La peluche, je faisais ça aussi pendant un moment ;)
Des fois il y avait un petit bout d'oreille qui d'passait de mon sac..  ;D

Bonsoir,

comme on dit, à chaque problème, il a une solution. Mais c'est compliqué.

Que je retourne sur les lieux des agressions n'a pas aidé, mais à cela j'ajoute ma mauvaise période de l'année. Septembre et Octobre sont des mois assez difficiles, 8 agressions dont les plus violentes avec 2 viols dont celui quand j'avaisn 6 ans.

Mon cerveau est loin d'être mon ami, que ce soit la journée ou la nuit.

Comment faites-vous pour avancer quand votre stresse est au maximum?

Je sursaute à chaque ombre, à chaque personne que je l'entende ou pas. Etre avec mon chien me rassure, mais elle doit sentir mon stresse quand je m'approche d'un homme comme elle grogne sur lui. Je refuse cela.

Est-ce qu'il faut que j'attende que cela passe? Comment faire autrement?

Je ne sais plus... Je suis fatigué par ces moments que je revis... Novembre paraît tellement loin...

Bonsoir Aela  :-\,
J'espère que tu tiens bons quand même,
les périodes "anniversaires" se suivent ici pour chacun(e) de nous,
avec ses lots d'horreurs qui empêchent de vivre,
à des degrés propres aux un(es) et aux autres...

Pas de baguette magique,
s'accrocher, faire front,
tenir bon :P...

En parler,
écrire ici ou dans un cahier,
essayer de se faire aider avec des gens du métier,
ce sont les conseils les plus classiques que je peux te donner...

Il y a les médocs aussi,
bien que j'y sois totalement réfractaire à cause des effets secondaires,
force est de constater qu'ils aident parfois...

A chacun(e) de trouver sa méthode :P...
enfin celle(s) qui lui correspond le mieux...

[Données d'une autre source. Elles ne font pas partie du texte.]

Lemma locally_Iopen x : Iopen x -> locally x Iopen.
Proof.
  intros Hx. unfold Iopen in Hx.
  assert (Hp : 0 < Rmin (1 - x) (1 + x)) by (apply Rmin_glb_lt; lra).
  exists (mkposreal _ Hp). intros y Hy.
  assert (Hy' : Rabs (y - x) < Rmin (1 - x) (1 + x)) by exact Hy. apply Rabs_def2 in Hy'.
  pose proof (Rmin_l (1 - x) (1 + x)). pose proof (Rmin_r (1 - x) (1 + x)).
  unfold Iopen; lra.
Qed.

Lemma locally_of_within (x : R) (D P : R -> Prop) :
  locally x D -> within D (locally x) P -> locally x P.
Proof. intros HD HP. generalize (filter_and _ _ HD HP). apply filter_imp. tauto. Qed.

Lemma is_derive_of_is_deriv_I f f' x : Iopen x -> is_deriv_I f f' x -> is_derive f x (f' x).
Proof.
  intros Hx H. apply is_derive_Reals. intros eps Heps.
  assert (HD : locally 0 (fun h => I11 (x + h))).
  { destruct (locally_Iopen x Hx) as [d Hd]. exists d. intros h Hh.
    apply Iopen_I11, Hd, ball_Rabs. apply ball_Rabs in Hh.
    replace (x + h - x) with (h - 0) by ring. exact Hh. }
  assert (HP := H (ball (f' x) eps) (locally_ball _ (mkposreal eps Heps))).
  destruct (locally_of_within 0 (fun h => I11 (x + h))
              (fun h => h <> 0 -> ball (f' x) eps ((f (x + h) - f x) / h)) HD)
    as [d Hd].
  { unfold within, filtermap in HP |- *. revert HP. apply filter_imp.
    intros h Hh HI Hh0. apply Hh. tauto. }
  exists d. intros h Hh0 Hh. apply Hd; [|exact Hh0].
  change (Rabs (h - 0) < d). rewrite Rminus_0_r. exact Hh.
Qed.

Lemma is_deriv_I_of_is_derive f f' x : is_derive f x (f' x) -> is_deriv_I f f' x.
Proof.
  intros H. apply is_derive_Reals in H. intros P [eps HP].
  destruct (H eps (cond_pos eps)) as [d Hd].
  exists d. intros h Hh [Hh0 _]. apply HP, Hd; [exact Hh0|].
  change (Rabs (h - 0) < d) in Hh. rewrite Rminus_0_r in Hh. exact Hh.
Qed.

Lemma cont_I_of_continuous f x : continuous f x -> cont_I f x.
Proof.
  intros H P HP. unfold filtermap, within. eapply filter_imp; [|exact (H P HP)]. auto.
Qed.

Lemma continuous_of_cont_I f x : Iopen x -> cont_I f x -> continuous f x.
Proof.
  intros Hx H P HP. apply (locally_of_within x I11).
  - eapply filter_imp; [apply Iopen_I11 | apply locally_Iopen, Hx].
  - exact (H P HP).
Qed.

Lemma bound_of_cont_I f x B : I11 x -> cont_I f x ->
  (forall y, Iopen y -> Rabs (f y) <= B) -> Rabs (f x) <= B.
Proof.
  intros Hx Hc HB. apply Rnot_lt_le. intros Hlt.
  set (eps := Rabs (f x) - B).
  destruct (Hc (ball (f x) eps) (locally_ball _ (mkposreal eps ltac:(unfold eps; lra))))
    as [d Hd].
  pose proof (Rmin_l d 1). pose proof (Rmin_r d 1).
  assert (Hm : 0 < Rmin d 1) by (apply Rmin_glb_lt; [apply cond_pos | lra]).
  set (m := Rmin d 1) in *.
  set (y := x * (1 - m / 2)).
  assert (Hax : Rabs x <= 1) by (apply Rabs_le; exact Hx).
  assert (Hy : Iopen y).
  { assert (Rabs y <= 1 - m / 2).
    { unfold y. rewrite Rabs_mult, (Rabs_pos_eq (1 - m / 2)) by lra.
      pose proof (Rabs_pos x). nra. }
    apply Rabs_le_between in H1. unfold Iopen; lra. }
  assert (Hyx : Rabs (y - x) < d).
  { unfold y. replace (x * (1 - m / 2) - x) with (x * - (m / 2)) by ring.
    rewrite Rabs_mult, Rabs_Ropp, (Rabs_pos_eq (m / 2)) by lra.
    pose proof (Rabs_pos x). nra. }
  assert (Hb : Rabs (f y - f x) < eps) by exact (Hd y Hyx (Iopen_I11 _ Hy)).
  pose proof (HB y Hy). pose proof (Rabs_triang_inv (f x) (f y)).
  rewrite <- Rabs_Ropp in Hb. replace (- (f y - f x)) with (f x - f y) in Hb by ring.
  unfold eps in Hb. lra.
Qed.

Lemma lipschitz_of_quotient (f : R -> R) M x x' :
  (x <> x' -> Rabs (f x - f x') / Rabs (x - x') <= M) -> 0 <= M ->
  Rabs (f x - f x') <= M * Rabs (x - x').
Proof.
  intros H HM. destruct (Req_dec x x') as [<-|E].
  - rewrite !Rminus_diag, Rabs_R0. lra.
  - apply Rle_div_l; [apply Rabs_pos_lt; lra | exact (H E)].
Qed.

Definition bounded_on (A : R) (u : R -> R) := forall x, Iopen x -> Rabs (u x) <= A.
Definition continuous_on (u : R -> R) := forall x, Iopen x -> continuous u x.
Definition lipschitz_on (A : R) (u : R -> R) :=
  forall x y, Iopen x -> Iopen y -> Rabs (u x - u y) <= A * Rabs (x - y).
Definition derive_on (u u' : R -> R) := forall x, Iopen x -> is_derive u x (u' x).

(* One constant A bounds u, u', ..., u^(r) on (-1,1); [lip = true] also makes u^(r)
   A-Lipschitz. *)
Fixpoint Cbounded (lip : bool) (r : nat) (A : R) (u : R -> R) : Prop :=
  match r with
  | O => bounded_on A u /\ continuous_on u /\ (lip = true -> lipschitz_on A u)
  | S r' => bounded_on A u /\ continuous_on u /\ exists u', derive_on u u' /\ Cbounded lip r' A u'
  end.

Section Cbounded_theory.
Variable lip : bool.

Lemma Cbounded_bounded r A u : Cbounded lip r A u -> bounded_on A u.
Proof. destruct r; simpl; tauto. Qed.

Lemma Cbounded_continuous r A u : Cbounded lip r A u -> continuous_on u.
Proof. destruct r; simpl; tauto. Qed.

Lemma Cbounded_nonneg r A u : Cbounded lip r A u -> 0 <= A.
Proof.
  intros H. apply Cbounded_bounded in H. specialize (H 0 Iopen_0).
  pose proof (Rabs_pos (u 0)). lra.
Qed.

Lemma lipschitz_of_derive_bounded A u u' : derive_on u u' -> bounded_on A u' -> lipschitz_on A u.
Proof.
  intros Hd Hb x y Hx Hy. apply (abs_increment_le u u' y x A); intros s Hs;
    [apply Hd | apply Hb]; exact (Iopen_between y x s Hy Hx Hs).
Qed.

Lemma continuous_on_of_derive u u' : derive_on u u' -> continuous_on u.
Proof. intros H x Hx. apply (is_derive_continuous _ _ (u' x)), H, Hx. Qed.

Lemma Cbounded_S_intro r A u u' :
  bounded_on A u -> derive_on u u' -> Cbounded lip r A u' -> Cbounded lip (S r) A u.
Proof.
  intros. simpl. split; [assumption|]. split; [eapply continuous_on_of_derive; eauto|].
  exists u'. auto.
Qed.

Lemma Cbounded_0_intro A u u' : bounded_on A u -> derive_on u u' -> bounded_on A u' ->
  Cbounded lip 0 A u.
Proof.
  intros. simpl. split; [assumption|]. split; [eapply continuous_on_of_derive; eauto|].
  intros _. eapply lipschitz_of_derive_bounded; eauto.
Qed.

Lemma Cbounded_pred r A u : Cbounded lip (S r) A u -> Cbounded lip r A u.
Proof.
  revert A u. induction r; intros A u [Hb [Hc [u' [Hd H']]]].
  - apply Cbounded_0_intro with u'; [| |eapply Cbounded_bounded]; eauto.
  - apply Cbounded_S_intro with u'; auto.
Qed.

Lemma Cbounded_le_order r r' A u : (r' <= r)%nat -> Cbounded lip r A u -> Cbounded lip r' A u.
Proof.
  intros Hle; induction Hle as [|m Hle IH]; auto. intros Hu. apply IH, Cbounded_pred, Hu.
Qed.

Lemma Cbounded_le_const r A A' u : A <= A' -> Cbounded lip r A u -> Cbounded lip r A' u.
Proof.
  assert (Hbnd : forall A A' u, A <= A' -> bounded_on A u -> bounded_on A' u).
  { intros A0 A0' u0 Hl Hb x Hx. specialize (Hb x Hx). lra. }
  revert A A' u. induction r; intros A A' u Hl H.
  - destruct H as [Hb [Hc Hlp]]. split; [eauto|]. split; [exact Hc|].
    intros HL x y Hx Hy. specialize (Hlp HL x y Hx Hy).
    pose proof (Rabs_pos (x - y)). nra.
  - destruct H as [Hb [Hc [u' [Hd H']]]]. split; [eauto|]. split; [exact Hc|].
    exists u'. split; [exact Hd | eapply IHr; eauto].
Qed.

Lemma derive_on_ext u v u' : (forall x, Iopen x -> u x = v x) -> derive_on u u' -> derive_on v u'.
Proof.
  intros He Hd x Hx. eapply is_derive_ext_loc; [|apply Hd, Hx].
  eapply filter_imp; [|apply locally_Iopen, Hx]. auto.
Qed.

Lemma Cbounded_ext r A u v : (forall x, Iopen x -> u x = v x) ->
  Cbounded lip r A u -> Cbounded lip r A v.
Proof.
  intros He H.
  assert (Hb : bounded_on A v).
  { intros x Hx. rewrite <- He by exact Hx. eapply Cbounded_bounded; eauto. }
  assert (Hc : continuous_on v).
  { intros x Hx. eapply continuous_ext_loc; [|eapply Cbounded_continuous; eauto].
    eapply filter_imp; [|apply locally_Iopen, Hx]. auto. }
  destruct r; destruct H as [_ [_ Hr]]; split; auto; split; auto.
  - intros HL x y Hx Hy. rewrite <- !He by assumption. apply Hr; auto.
  - destruct Hr as [u' [Hd H']]. exists u'. split; [eapply derive_on_ext|]; eauto.
Qed.

Lemma Cbounded_const r c A : Rabs c <= A -> Cbounded lip r A (fun _ => c).
Proof.
  revert c. induction r; intros c Hc.
  - split; [|split].
    + intros x _; exact Hc.
    + intros x _. apply continuous_const.
    + intros _ x y _ _. rewrite Rminus_diag, Rabs_R0.
      pose proof (Rabs_pos c). pose proof (Rabs_pos (x - y)). nra.
  - apply Cbounded_S_intro with (fun _ => 0).
    + intros x _; exact Hc.
    + intros x _. apply (is_derive_const c).
    + apply IHr. rewrite Rabs_R0. pose proof (Rabs_pos c); lra.
Qed.

Lemma Cbounded_plus r A B u v : Cbounded lip r A u -> Cbounded lip r B v ->
  Cbounded lip r (A + B) (fun x => u x + v x).
Proof.
  assert (Hbnd : forall A B u v, bounded_on A u -> bounded_on B v ->
            bounded_on (A + B) (fun x => u x + v x)).
  { intros A0 B0 u0 v0 H1 H2 x Hx. eapply Rle_trans; [apply Rabs_triang|].
    apply Rplus_le_compat; auto. }
  revert A B u v. induction r; intros A B u v Hu Hv.
  - destruct Hu as [Hb1 [Hc1 Hl1]]. destruct Hv as [Hb2 [Hc2 Hl2]].
    split; [auto|]. split.
    + intros x Hx. apply (continuous_plus u v); auto.
    + intros HL x y Hx Hy. specialize (Hl1 HL x y Hx Hy). specialize (Hl2 HL x y Hx Hy).
      replace (u x + v x - (u y + v y)) with ((u x - u y) + (v x - v y)) by ring.
      eapply Rle_trans; [apply Rabs_triang | lra].
  - destruct Hu as [Hb1 [Hc1 [u' [Hd1 H1]]]]. destruct Hv as [Hb2 [Hc2 [v' [Hd2 H2]]]].
    apply Cbounded_S_intro with (fun x => u' x + v' x); auto.
    intros x Hx. apply is_derive_Rplus; auto.
Qed.

Lemma Cbounded_scal r A c u : Cbounded lip r A u -> Cbounded lip r (Rabs c * A) (fun x => c * u x).
Proof.
  assert (Hbnd : forall A u, bounded_on A u -> bounded_on (Rabs c * A) (fun x => c * u x)).
  { intros A0 u0 H x Hx. rewrite Rabs_mult. apply Rmult_le_compat_l; auto using Rabs_pos. }
  revert A u. induction r; intros A u Hu.
  - destruct Hu as [Hb1 [Hc1 Hl1]]. split; [auto|]. split.
    + intros x Hx. apply (continuous_mult (fun _ => c) u); [apply continuous_const | auto].
    + intros HL x y Hx Hy. specialize (Hl1 HL x y Hx Hy).
      replace (c * u x - c * u y) with (c * (u x - u y)) by ring.
      rewrite Rabs_mult, Rmult_assoc. apply Rmult_le_compat_l; auto using Rabs_pos.
  - destruct Hu as [Hb1 [Hc1 [u' [Hd1 H1]]]].
    apply Cbounded_S_intro with (fun x => c * u' x); auto.
    intros x Hx. apply is_derive_Rscal; auto.
Qed.

Lemma lipschitz_mult A B u v : bounded_on A u -> bounded_on B v ->
  lipschitz_on A u -> lipschitz_on B v -> lipschitz_on (2 * A * B) (fun x => u x * v x).
Proof.
  intros Hb1 Hb2 Hl1 Hl2 x y Hx Hy.
  specialize (Hl1 x y Hx Hy). specialize (Hl2 x y Hx Hy).
  specialize (Hb1 x Hx). specialize (Hb2 y Hy).
  replace (u x * v x - u y * v y) with (u x * (v x - v y) + v y * (u x - u y)) by ring.
  eapply Rle_trans; [apply Rabs_triang|]. rewrite !Rabs_mult.
  pose proof (Rabs_pos (x - y)).
  assert (Rabs (u x) * Rabs (v x - v y) <= A * (B * Rabs (x - y)))
    by (apply Rmult_le_compat; auto using Rabs_pos).
  assert (Rabs (v y) * Rabs (u x - u y) <= B * (A * Rabs (x - y)))
    by (apply Rmult_le_compat; auto using Rabs_pos).
  nra.
Qed.

(* Each differentiation of a product at most doubles the Leibniz bound. *)
Lemma Cbounded_mult r A B u v : Cbounded lip r A u -> Cbounded lip r B v ->
  Cbounded lip r (2 ^ (S r) * A * B) (fun x => u x * v x).
Proof.
  revert A B u v. induction r; intros A B u v Hu Hv.
  - pose proof (Cbounded_nonneg _ _ _ Hu). pose proof (Cbounded_nonneg _ _ _ Hv).
    destruct Hu as [Hb1 [Hc1 Hl1]]. destruct Hv as [Hb2 [Hc2 Hl2]].
    split; [|split].
    + intros x Hx. rewrite Rabs_mult. specialize (Hb1 x Hx). specialize (Hb2 x Hx).
      pose proof (Rabs_pos (u x)). pose proof (Rabs_pos (v x)). simpl. nra.
    + intros x Hx. apply (continuous_mult u v); auto.
    + intros HL. replace (2 ^ 1 * A * B) with (2 * A * B) by ring.
      apply lipschitz_mult; auto.
  - pose proof (Cbounded_nonneg _ _ _ Hu). pose proof (Cbounded_nonneg _ _ _ Hv).
    pose proof (Cbounded_pred _ _ _ Hu) as Hu0. pose proof (Cbounded_pred _ _ _ Hv) as Hv0.
    destruct Hu as [Hb1 [Hc1 [u' [Hd1 H1]]]]. destruct Hv as [Hb2 [Hc2 [v' [Hd2 H2]]]].
    apply Cbounded_S_intro with (fun x => u' x * v x + u x * v' x).
    + intros x Hx. rewrite Rabs_mult. specialize (Hb1 x Hx). specialize (Hb2 x Hx).
      assert (1 <= 2 ^ S (S r)) by (apply pow_R1_Rle; lra).
      assert (Rabs (u x) * Rabs (v x) <= A * B) by (apply Rmult_le_compat; auto using Rabs_pos).
      assert (0 <= A * B) by nra. nra.
    + intros x Hx. apply is_derive_Rmult; auto.
    + replace (2 ^ S (S r) * A * B) with (2 ^ S r * A * B + 2 ^ S r * A * B) by (simpl; ring).
      apply Cbounded_plus; auto.
Qed.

Les souvenirs traumatiques nous sommes condamnés à vivre avec,
apprendre à les accepter, les "digérer",
en faire des mauvais souvenirs plus supportables,
c'est le chemin que nous devons accomplir,
avec plus ou moins de succès, pour retrouver une vie,
pour oublier le mode survie...

C'est long, mais parfois ça le fait après bien des essais,
qui remuent, qui font mal, et dont le résultat est toujours incertain...

Ce soir j'étais sur la 2,
"envoyé spécial" ,
et un essais thérapeutique tout neuf sur les victimes des attentats,
un protocole tout simple,
suivi par des psy qui se forment en même temps,
sur les suites des premiers essais effectué sur des vétérans au Canada...

15% des vétérans reviennent des zones de conflits traumatisés à vie,
démolis à tout jamais, hantés par les faits de guerre qu'ils ont vécus...

L'essais clinique en cours à lieu sur près de 200 traumatisés des divers attentats qui secouent notre pays depuis 2012...

En seulement 6 séances de moins d'une heure chacune,
sur 6 semaines,
un protocole d'une effarante "simplicité" :o ::),
qui fonctionne pour 2/3 des patients (seulement :-\)
et j'ai aussi envie de dire quand même 8)...

1ère séance,
le patient avale un comprimé assez connu qui sert normalement à la base à contrôler le rythme cardiaque des hypertendus,
ensuite il se lance dans quelques pages d'écritures du traumatisme à travailler en lui même car tout le travail restera basé sur lui et rien d'autre...

son efficacité n'est donc pas encore avérée pour les gens ayant vécu une multitude de traumatismes chroniques sur une longue période pour l'instant...

Ensuite il faut lire son propre témoignage fraîchement rédigé,
peu importe l'état dans lequel ça met,
puis après quelques échanges avec le psy,
remplir un questionnaire sur l'état dans lequel on se trouve,
mais aussi sur tous les symptômes du quotidien,
flash back, cauchemars, angoisses etc...

Chaque réponse vaut pour un nombre de points qu'il suffit d'additionner pour faire le bilan...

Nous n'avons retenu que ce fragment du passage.